Commanders and leaders
- Faisal I Edgar Ludlow-Hewitt: Ahmed Barzani Mustafa Barzani
- Units involved: RAF Iraq Command

= Ahmed Barzani revolt =

Kurdish uprising in 1931

Ahmed Barzani revolt refers to the first of the major Barzani revolts and the third Kurdish nationalistic insurrection in modern Iraq. The revolt began in 1931, after Ahmed Barzani, one of the most prominent Kurdish leaders in southern Kurdistan, succeeded in unifying a number of other Kurdish tribes. The ambitious Kurdish leader enlisted a number of Kurdish leaders into the revolt, including his young brother Mustafa Barzani, who became one of the most notorious commanders during this revolt. The Barzani forces were eventually overpowered by the Iraqi Army with British support, forcing the leaders of Barzan to go underground.

Ahmed Barzani was later forced to flee to Turkey, where he was held in detention and then sent to exile in the south of Iraq.

==Background==

===Early Kurdish separatism===

Shortly after the final accords of World War I, Sheykh Mahmud Barzanji of the Qadiriyyah order of Sufis, the most influential personality in southern Kurdistan, was appointed Governor of the former sanjak of Duhok. Sheikh Mahmud led the first Kurdish revolt in British-controlled southern Kurdistan (Iraqi Kurdistan) in May 1919.

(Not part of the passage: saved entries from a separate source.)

Lemma INR_log2_le_ln k : (0 < k)%coq_nat -> INR (Nat.log2 k) <= 2 * ln (INR k + 2).
Proof.
intros Hk. destruct (Nat.log2_spec k Hk) as [H1 _].
apply le_INR in H1. rewrite pow_INR in H1. simpl in H1.
pose proof (ln_le _ _ (pow_lt 2 (Nat.log2 k) ltac:(lra)) H1) as Hl. rewrite ln_pow in Hl; [|lra].
pose proof ln_lt_2. pose proof (pos_INR (Nat.log2 k)).
assert (ln (INR k) <= ln (INR k + 2)) by (apply ln_le; [apply lt_0_INR; lia| lra]).
nra.
Qed.

(* [ln (l+1) <= ln l + 1/l], and [M/l <= 1/2 < ln 2]. *)
Lemma Rpower_succ_le_twice l M :
  0 < M -> 0 < l -> 2 * M <= l -> Rpower (l + 1) M <= 2 * Rpower l M.
Proof.
intros HM Hl HlM. unfold Rpower.
assert (Hinv : 0 < / l) by (apply Rinv_0_lt_compat; lra).
assert (Hln : ln (l + 1) <= ln l + / l).
{ replace (l + 1) with (l * (1 + / l)) by (field; lra).
  rewrite ln_mult; [|lra|lra].
  pose proof (exp_ineq1_le (/ l)) as H. apply ln_le in H; [|lra]. rewrite ln_exp in H. lra. }
assert (HMl : M * / l <= / 2).
{ apply Rmult_le_reg_r with l; [lra|]. rewrite Rmult_assoc Rinv_l; lra. }
apply Rle_trans with (exp (M * ln l + / 2)).
- apply exp_le_mono. nra.
- rewrite exp_plus Rmult_comm. apply Rmult_le_compat_r; [apply Rlt_le, exp_pos|].
  pose proof ln_lt_2. rewrite <- (exp_ln 2) at 2; [|lra]. apply Rlt_le, exp_increasing. lra.
Qed.

(* Write [l ^ M = u ^ 2] with [u = l ^ (M/2)]; then [ln l <= (2/M) u] and the
   left-hand side is [O(u)]. *)
Lemma ln_eventually_le_Rpower (M L A B : R) : 0 < M -> 0 < L -> 0 <= A -> 0 <= B ->
  exists l1, forall l, l1 <= l -> A + B * ln (l + 3) <= L * Rpower l M.
Proof.
intros HM HL HA HB.
assert (H2M : 0 < 2 / M) by (apply Rdiv_lt_0_compat; lra).
set (K := A + B + B * (2 / M)).
assert (HK : 0 <= K) by (unfold K; nra).
set (Bd := K / L + 1).
assert (HBd : 1 <= Bd).
{ unfold Bd. assert (0 <= K / L) by (apply Rmult_le_pos; [lra| apply Rlt_le, Rinv_0_lt_compat; lra]). lra. }
exists (Rmax 3 (Rpower Bd (2 / M))). intros l Hl.
assert (Hl3 : 3 <= l) by (eapply Rle_trans; [apply Rmax_l| exact Hl]).
assert (HlB : Rpower Bd (2 / M) <= l) by (eapply Rle_trans; [apply Rmax_r| exact Hl]).
set (u := Rpower l (M / 2)).
assert (Hu : Bd <= u).
{ unfold u. rewrite <- (Rpower_1 Bd) at 1; [|lra].
  replace 1 with ((2 / M) * (M / 2)) by (field; lra).
  rewrite <- Rpower_mult. apply Rle_Rpower_l; [apply Rlt_le, Rdiv_lt_0_compat; lra|].
  split; [apply Rpower_pos| exact HlB]. }
assert (HuM : Rpower l M = u * u) by (unfold u; rewrite <- Rpower_plus; f_equal; field).
assert (Hlnl : ln l <= (2 / M) * u).
{ assert (ln l = (2 / M) * ln u) by (unfold u; rewrite ln_Rpower; field; lra).
  rewrite H. apply Rmult_le_compat_l; [lra| apply ln_le_self; lra]. }
assert (Hl3' : ln (l + 3) <= 1 + ln l).
{ apply Rle_trans with (ln (2 * l)); [apply ln_le; lra|].
  rewrite ln_mult; [|lra|lra]. pose proof ln2_lt_1. lra. }
assert (A + B * ln (l + 3) <= K * u).
{ apply Rle_trans with (A + B * (1 + (2 / M) * u)); [nra|]. unfold K. nra. }
assert (K <= L * u).
{ unfold Bd in Hu. apply Rmult_le_reg_r with (/ L); [apply Rinv_0_lt_compat; lra|].
  replace (L * u * / L) with u by (field; lra). unfold Rdiv in Hu. lra. }
rewrite HuM. nra.
Qed.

After the Treaty of Sèvres, which settled some territories, Sulaymaniya still remained under direct control of the British High Commissioner. After the subsequent penetration of the Turkish "Özdemir" Detachment into the area, an attempt was made by the British to counter this by appointing Sheykh Mahmud, who was returned from his exile, as Governor once again, in September 1922.

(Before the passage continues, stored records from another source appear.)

(* Every (possibly rotated) rectangle $R\subset\mathbb{R}^2$ with side lengths $a$ and $b$ satisfies $N(R)\leqslant(a+\sqrt2)(b+\sqrt2)$.
   Context: For $D\subseteq\mathbb{R}^2$, the integer cardinality is $N(D)=|\mathbb{Z}^2\cap D|$, the number of integer points in $D$. *)

From mathcomp Require Import all_boot all_order all_algebra.
From mathcomp Require Import reals.
Set Implicit Arguments. Unset Strict Implicit. Unset Printing Implicit Defensive.
Import Order.TTheory GRing.Theory Num.Theory.
Local Open Scope ring_scope.

(* The (possibly rotated) closed rectangle with corner p = (p1,p2), first side
   along the unit vector (c, s) of length a, second side along the orthogonal
   unit vector (-s, c) of length b:
     { p + t (c,s) + r (-s,c) : 0 <= t <= a, 0 <= r <= b }. *)
Definition rect (R : realType) (p1 p2 c s a b : R) (x : R * R) : Prop :=
  exists t r : R, [/\ 0 <= t <= a, 0 <= r <= b,
    x.1 = p1 + t * c - r * s & x.2 = p2 + t * s + r * c].

(* N(D) <= k : the number of integer points in D is at most k, i.e. every
   duplicate-free list of points of Z^2 lying in D has length at most k
   (in particular Z^2 \cap D is finite). *)
Definition N_le (R : realType) (D : R * R -> Prop) (k : R) : Prop :=
  forall l : seq (int * int), uniq l ->
    (forall z, z \in l -> D ((z.1)%:~R, (z.2)%:~R)) ->
    (size l)%:R <= k.

From mathcomp Require Import all_boot all_order all_algebra.
From mathcomp Require Import reals.
From mathcomp Require Import zify ring lra.
Import Order.TTheory GRing.Theory Num.Theory.
Local Open Scope ring_scope.

(* Centre an axis-parallel unit square at each integer point of the
   rectangle: these squares are disjoint and, having circumradius sqrt 2 / 2,
   lie in the rectangle enlarged by sqrt 2 / 2 on every side, whose area is
   (a + sqrt 2) (b + sqrt 2).  Areas are replaced by counting: the square
   around z is sampled by the n^2 points n z + (i, j), 0 <= i, j < n, which
   are integer points of the n-fold dilate of the enlarged rectangle.  A crude
   count, at most A B + O(A + B + 1) integer points in a rectangle with sides
   A and B (the constants depending on the direction), then gives n^2 N <= n^2 (a + sqrt 2) (b + sqrt 2) + O(n),
   and n -> oo concludes. *)

Lemma size_uniq_int_box (l : seq (int * int)) (x0 y0 : int) (m n : nat) :
  uniq l ->
  (forall z, z \in l -> x0 <= z.1 < x0 + m%:Z /\ y0 <= z.2 < y0 + n%:Z) ->
  (size l <= m * n)%N.
Proof.
move=> ul inl.
set box := [seq (x0 + i%:Z, y0 + j%:Z) | i <- iota 0 m, j <- iota 0 n].
have -> : (m * n = size box)%N by rewrite size_allpairs !size_iota.
apply: uniq_leq_size => // -[x y] /inl /= [/andP[x0x xm] /andP[y0y yn]].
apply/allpairsP; exists (`|x - x0|%N, `|y - y0|%N) => /=.
by rewrite !mem_iota; split; [lia | lia | congr pair; lia].
Qed.

Lemma euclid_unique (n i i' : nat) (q q' : int) :
  (i < n)%N -> (i' < n)%N -> n%:Z * q + i%:Z = n%:Z * q' + i'%:Z ->
  q = q' /\ i = i'.
Proof.
move=> lt_in lt_i'n e.
have ei : i = i'.
  have := congr1 (fun k => k %% n%:Z)%Z e.
  by rewrite /= ![n%:Z * _]mulrC !modzMDl !modz_small; lia.
by split=> //; move: e; rewrite ei => /addIr /mulfI; apply; lia.
Qed.

Section Counting.
Variable R : realType.

Lemma int_ball_range (k : int) (mu h : R) :
  `|k%:~R - mu| <= h ->
  Num.ceil (mu - h) <= k < Num.ceil (mu - h) + (`|Num.floor (2 * h)|%N.+1)%:Z.
Proof.
rewrite ler_distl => /andP[lo hi].
have floor_ge0 : 0 <= Num.floor (2 * h) by rewrite floor_ge0; lra.
have ceil_le : Num.ceil (mu - h) <= k by rewrite ceil_le_int.
have : k - Num.ceil (mu - h) <= Num.floor (2 * h).
  by rewrite floor_ge_int rmorphB /=; have := ceil_ge (mu - h); lra.
lia.
Qed.

Lemma natr_floor_succ_le (x : R) : 0 <= x -> (`|Num.floor x|%N.+1)%:R <= x + 1.
Proof.
move=> x0; have floor_ge0 : 0 <= Num.floor x by rewrite floor_ge0.
have -> : (`|Num.floor x|%N.+1)%:R = (Num.floor x + 1)%:~R :> R.
  by have -> : Num.floor x + 1 = (`|Num.floor x|%N.+1)%:Z by lia.
by rewrite rmorphD /=; have := floor_le x; lra.
Qed.

Lemma size_uniq_sheared_box (l : seq (int * int)) (m : int -> R) (m2 h1 h2 : R) :
  0 <= h1 -> 0 <= h2 -> uniq l ->
  (forall z, z \in l -> `|z.2%:~R - m2| <= h2 /\ `|z.1%:~R - m z.2| <= h1) ->
  (size l)%:R <= (2 * h1 + 1) * (2 * h2 + 1).
Proof.
move=> h1_ge0 h2_ge0 ul inl.
pose unshear (z : int * int) := (z.1 - Num.ceil (m z.2 - h1), z.2).
have unshear_inj : {in l &, injective unshear}.
  by move=> [x y] [x' y'] _ _ [/= e1 e2]; subst y'; congr pair; lia.
have : (size l <= `|Num.floor (2 * h1)|.+1 * `|Num.floor (2 * h2)|.+1)%N.
  rewrite -(size_map unshear); apply: (@size_uniq_int_box _ 0 (Num.ceil (m2 - h2))).
    by rewrite map_inj_in_uniq.
  move=> _ /mapP[[x y] /inl /= [/int_ball_range hy /int_ball_range hx] ->] /=.
  lia.
rewrite -(ler_nat R) natrM => /le_trans; apply.
by apply: ler_pM; rewrite ?ler0n // natr_floor_succ_le // mulr_ge0.
Qed.

End Counting.

Lemma ler_of_scaled_bounds (R : realType) (x A B C D : R) :
  0 <= A -> 0 <= B -> 0 <= C -> 0 <= D ->
  (forall n : nat, (0 < n)%N -> x <= (n%:R * A + C) * (n%:R * B + D) / n%:R ^+ 2) ->
  x <= A * B.
Proof.
move=> A0 B0 C0 D0 bound; apply/ler_addgt0Pr => e e_gt0.
set K := A * D + B * C + C * D.
have K0 : 0 <= K by rewrite /K; apply: addr_ge0; [apply: addr_ge0|]; apply: mulr_ge0.
pose n := (Num.bound (K / e)).+1.
have Kn : K < n%:R * e.
  rewrite -ltr_pdivrMr //; apply: lt_le_trans (archi_boundP _) _.
    by rewrite divr_ge0 // ltW.
  by rewrite ler_nat.
have n1 : 1 <= n%:R :> R by rewrite ler1n.
apply: le_trans (bound n isT) _.
rewrite ler_pdivrMr ?exprn_gt0 ?ltr0n //.
have : C * D <= n%:R * (C * D) by rewrite ler_peMl ?mulr_ge0.
rewrite /K in Kn; nra.
Qed.

Section Rectangles.
Variables (R : realType) (c s : R).
Hypothesis cs1 : c ^+ 2 + s ^+ 2 = 1.

Lemma rect_coords (p1 p2 a b x y : R) :
  rect p1 p2 c s a b (x, y) ->
  exists2 t, 0 <= t <= a &
    x - p1 = t * c - ((y - p2) * c - (x - p1) * s) * s /\
    0 <= (y - p2) * c - (x - p1) * s <= b.
Proof.
move=> [t [r [ta rb /= -> ->]]]; exists t => //.
have -> : (p2 + t * s + r * c - p2) * c - (p1 + t * c - r * s - p1) * s = r.
  by rewrite -[RHS]mulr1 -cs1; ring.
by split=> //; ring.
Qed.

(* With r the second frame coordinate, the map z |-> (z.1, floor (r z / c))
   is injective, since for fixed z.1 the values r z / c differ by integers.
   In the coordinates (x, r / c) the rectangle is a parallelogram whose
   horizontal rows have width A |c|, over a height B / |c|. *)
Lemma N_le_rect_coarse (p1 p2 A B : R) : c != 0 -> 0 <= A -> 0 <= B ->
  N_le (rect p1 p2 c s A B) ((A * `|c| + `|s * c| + 1) * (B / `|c| + 2)).
Proof.
move=> c0 A0 B0 l ul inl.
have c_gt0 : 0 < `|c| by rewrite normr_gt0.
pose w (z : int * int) : R := ((z.2%:~R - p2) * c - (z.1%:~R - p1) * s) / c.
pose g (z : int * int) := (z.1, Num.floor (w z)).
have g_inj : {in l &, injective g}.
  move=> [x y] [x' y'] _ _ [/= e1]; subst x'.
  have -> : w (x, y) = w (x, y') + (y - y')%:~R by rewrite /w /= rmorphB /=; field.
  rewrite floorDrz ?intr_int // intrKfloor -[RHS]addr0 => /addrI /eqP.
  by rewrite subr_eq0 => /eqP ->.
have -> : (A * `|c| + `|s * c| + 1) * (B / `|c| + 2) =
          (2 * ((A * `|c| + `|s * c|) / 2) + 1) * (2 * ((B / `|c| + 1) / 2) + 1).
  by rewrite ![2 * _]mulrC !divfK ?pnatr_eq0 //; ring.
have := @size_uniq_sheared_box R (map g l)
  (fun j => p1 + (A / 2) * c - (j%:~R + 1 / 2) * (s * c)) (B / (2 * c) - 1 / 2)
  ((A * `|c| + `|s * c|) / 2) ((B / `|c| + 1) / 2).
rewrite size_map (map_inj_in_uniq g_inj) => /(_ _ _ ul); apply.
- by apply: divr_ge0 => //; apply: addr_ge0 => //; apply: mulr_ge0.
- by apply: divr_ge0 => //; apply: addr_ge0 => //; apply: divr_ge0.
move=> _ /mapP[[x y] /inl/rect_coords [t /andP[t0 tA] [ex /andP[r0 rB]]] ->] /=.
have := floor_itv (w (x, y)); rewrite rmorphD /= => /andP[jw wj].
set j := Num.floor (w (x, y)) in jw wj *.
set r := (y%:~R - p2) * c - (x%:~R - p1) * s in ex r0 rB.
have wr : w (x, y) = r / c by [].
split.
- have -> : j%:~R - (B / (2 * c) - 1 / 2) = (r - B / 2) / c - (w (x, y) - j%:~R - 1 / 2).
    by rewrite wr; field.
  apply: le_trans (ler_normB _ _) _.
  have -> : (B / `|c| + 1) / 2 = (B / 2) / `|c| + 1 / 2 by field; rewrite normr_eq0.
  apply: lerD; last by rewrite ler_norml; lra.
  by rewrite normrM normfV ler_wpM2r ?invr_ge0 // ler_distl; lra.
- have -> : x%:~R - (p1 + A / 2 * c - (j%:~R + 1 / 2) * (s * c)) =
            (t - A / 2) * c - (w (x, y) - j%:~R - 1 / 2) * (s * c).
    by rewrite wr -[x%:~R](subrK p1) ex; field.
  apply: le_trans (ler_normB _ _) _.
  have -> : (A * `|c| + `|s * c|) / 2 = (A / 2) * `|c| + (1 / 2) * `|s * c| by field.
  rewrite !normrM; apply: lerD; apply: ler_wpM2r;
    rewrite ?mulr_ge0 // ler_norml; lra.
Qed.

Lemma norm_rot_le [x y h : R] :
  `|x| <= h -> `|y| <= h -> `|x * c + y * s| <= Num.sqrt 2 * h.
Proof.
move=> xh yh; have h0 : 0 <= h := le_trans (normr_ge0 x) xh.
have sq_le z : `|z| <= h -> z ^+ 2 <= h ^+ 2.
  by move=> zh; rewrite -real_normK ?num_real // ler_sqr ?nnegrE.
have lagrange : (x * c + y * s) ^+ 2 + (x * s - y * c) ^+ 2 = x ^+ 2 + y ^+ 2.
  by rewrite -[RHS]mulr1 -cs1; ring.
rewrite -ler_sqr ?nnegrE ?mulr_ge0 ?sqrtr_ge0 // real_normK ?num_real //.
rewrite exprMn sqr_sqrtr //.
by have := sq_le _ xh; have := sq_le _ yh; have := sqr_ge0 (x * s - y * c); lra.
Qed.

Lemma rect_dilate (p1 p2 a b k h o1 o2 z1 z2 d1 d2 : R) :
  0 <= k -> `|d1 - o1| <= h -> `|d2 - o2| <= h -> rect p1 p2 c s a b (z1, z2) ->
  rect (k * p1 + o1 - Num.sqrt 2 * h * (c - s)) (k * p2 + o2 - Num.sqrt 2 * h * (s + c))
    c s (k * a + 2 * (Num.sqrt 2 * h)) (k * b + 2 * (Num.sqrt 2 * h))
    (k * z1 + d1, k * z2 + d2).
Proof.
move=> k0 d1h d2h [t [r [/andP[t0 ta] /andP[r0 rb] /= -> ->]]].
set u := (d1 - o1) * c + (d2 - o2) * s.
set v := (d2 - o2) * c - (d1 - o1) * s.
have := norm_rot_le d1h d2h; rewrite -/u ler_norml => /andP[u1 u2].
have := @norm_rot_le _ (- (d1 - o1)) _ d2h; rewrite normrN mulNr => /(_ d1h).
rewrite -/v ler_norml => /andP[v1 v2].
have kt0 : 0 <= k * t by apply: mulr_ge0.
have kr0 : 0 <= k * r by apply: mulr_ge0.
have kta : k * t <= k * a by apply: ler_wpM2l.
have krb : k * r <= k * b by apply: ler_wpM2l.
exists (k * t + Num.sqrt 2 * h + u), (k * r + Num.sqrt 2 * h + v).
split=> /=; try by apply/andP; split; lra.
- by rewrite /u /v -[d1 in LHS](subrK o1) -[d1 - o1 in LHS]mulr1 -cs1; ring.
- by rewrite /u /v -[d2 in LHS](subrK o2) -[d2 - o2 in LHS]mulr1 -cs1; ring.
Qed.

Lemma N_le_rect_dilate (p1 p2 a b K : R) (n : nat) : (0 < n)%N ->
  (forall q1 q2, N_le (rect q1 q2 c s (n%:R * (a + Num.sqrt 2)) (n%:R * (b + Num.sqrt 2))) K) ->
  N_le (rect p1 p2 c s a b) (K / n%:R ^+ 2).
Proof.
move=> n_gt0.
have enlarge e : n%:R * (e + Num.sqrt 2) = n%:R * e + 2 * (Num.sqrt 2 * (n%:R / 2)) :> R.
  by field.
rewrite !enlarge => bound l ul inl.
pose blow := [seq (n%:Z * z.1 + ij.1%:Z, n%:Z * z.2 + ij.2%:Z)
             | z : int * int <- l, ij : 'I_n * 'I_n <- enum {: 'I_n * 'I_n}].
have size_blow : size blow = (size l * n ^ 2)%N.
  by rewrite size_allpairs -cardT card_prod card_ord mulnn.
have uniq_blow : uniq blow.
  apply: allpairs_uniq; rewrite ?enum_uniq //.
  move=> [[x y] [i j]] [[x' y'] [i' j']] _ _ [] /=.
  move=> /euclid_unique-/(_ (ltn_ord i) (ltn_ord i')) [-> /val_inj ->].
  by move=> /euclid_unique-/(_ (ltn_ord j) (ltn_ord j')) [-> /val_inj ->].
rewrite ler_pdivlMr ?exprn_gt0 ?ltr0n // -natrX -natrM -size_blow.
have half_n : forall i : 'I_n, `|i%:R - (n%:R - 1) / 2| <= n%:R / 2 :> R.
  move=> i; have := ltn_ord i; rewrite -(ler_nat R) -natr1 ler_norml => ?.
  by have := ler0n R i => ?; apply/andP; split; lra.
apply: bound uniq_blow _ => _ /allpairsP[[z [i j]] [/inl zR _ ->]] /=.
rewrite !rmorphD !rmorphM /=.
exact: rect_dilate (ler0n R n) (half_n i) (half_n j) zR.
Qed.

Lemma N_le_rect (p1 p2 a b : R) : c != 0 -> 0 <= a -> 0 <= b ->
  N_le (rect p1 p2 c s a b) ((a + Num.sqrt 2) * (b + Num.sqrt 2)).
Proof.
move=> c0 a0 b0 l ul inl.
have sqrt2_ge0 : 0 <= Num.sqrt 2 :> R := sqrtr_ge0 2.
have -> : (a + Num.sqrt 2) * (b + Num.sqrt 2) =
          ((a + Num.sqrt 2) * `|c|) * ((b + Num.sqrt 2) / `|c|).
  by field; rewrite normr_eq0.
apply: (@ler_of_scaled_bounds _ _ _ _ (`|s * c| + 1) 2) => //.
- by rewrite mulr_ge0 ?addr_ge0.
- by rewrite divr_ge0 ?addr_ge0.
- by rewrite addr_ge0.
move=> n n_gt0; rewrite !mulrA addrA.
apply: (N_le_rect_dilate p1 p2 a b _ n n_gt0 _ l ul inl) => q1 q2.
by apply: N_le_rect_coarse; rewrite // mulr_ge0 ?addr_ge0.
Qed.

End Rectangles.

Lemma rect_rotate (R : realType) (p1 p2 c s a b : R) (x : R * R) :
  rect p1 p2 c s a b x -> rect (p1 - b * s) (p2 + b * c) s (- c) b a x.
Proof.
move=> [t [r [ta /andP[r0 rb] e1 e2]]]; exists (b - r), t.
by split=> //; [apply/andP; split; lra | rewrite e1; ring | rewrite e2; ring].
Qed.

Lemma N_le_subset (R : realType) (D D' : R * R -> Prop) (k : R) :
  (forall x, D x -> D' x) -> N_le D' k -> N_le D k.
Proof. by move=> DD' bound l ul inl; apply: bound ul _ => z /inl /DD'. Qed.

Theorem proposition12 (R : realType) (p1 p2 c s a b : R) :
  c ^+ 2 + s ^+ 2 = 1 -> 0 < a -> 0 < b ->
  N_le (rect p1 p2 c s a b) ((a + Num.sqrt 2) * (b + Num.sqrt 2)).
Proof.
move=> cs1 /ltW a0 /ltW b0.
have [c0 | c_neq0] := eqVneq c 0; last exact: N_le_rect.
have sc1 : s ^+ 2 + (- c) ^+ 2 = 1 by rewrite sqrrN addrC.
have s_neq0 : s != 0.
  by apply: contra_eq_neq cs1 => s0; rewrite c0 s0 expr0n /= addr0 (eq_sym 0) oner_neq0.
rewrite mulrC; apply: N_le_subset (@rect_rotate _ p1 p2 c s a b) _.
exact: N_le_rect.
Qed.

Sheykh Mahmud revolted again and in November declared himself King of the Kingdom of Kurdistan. Members of his cabinet included Members of his cabinet included:

- Shaikh Qadir Hafeed – Prime Minister
- Abdulkarim Alaka – Finance Minister
- Ahmed Bagy Fatah Bag – Customs Minister
- Hajy Mala Saeed Karkukli – Justice Minister
- Hema Abdullah Agha – Labour Minister.

Barzanji was defeated by the British in July 1924. After the British government finally defeated Sheykh Mahmud, they signed Iraq over to King Faisal I and a new Arab-led government. In January 1926 the League of Nations gave the mandate over the territory to Mandatory Iraq, with the provision for special rights for Kurds.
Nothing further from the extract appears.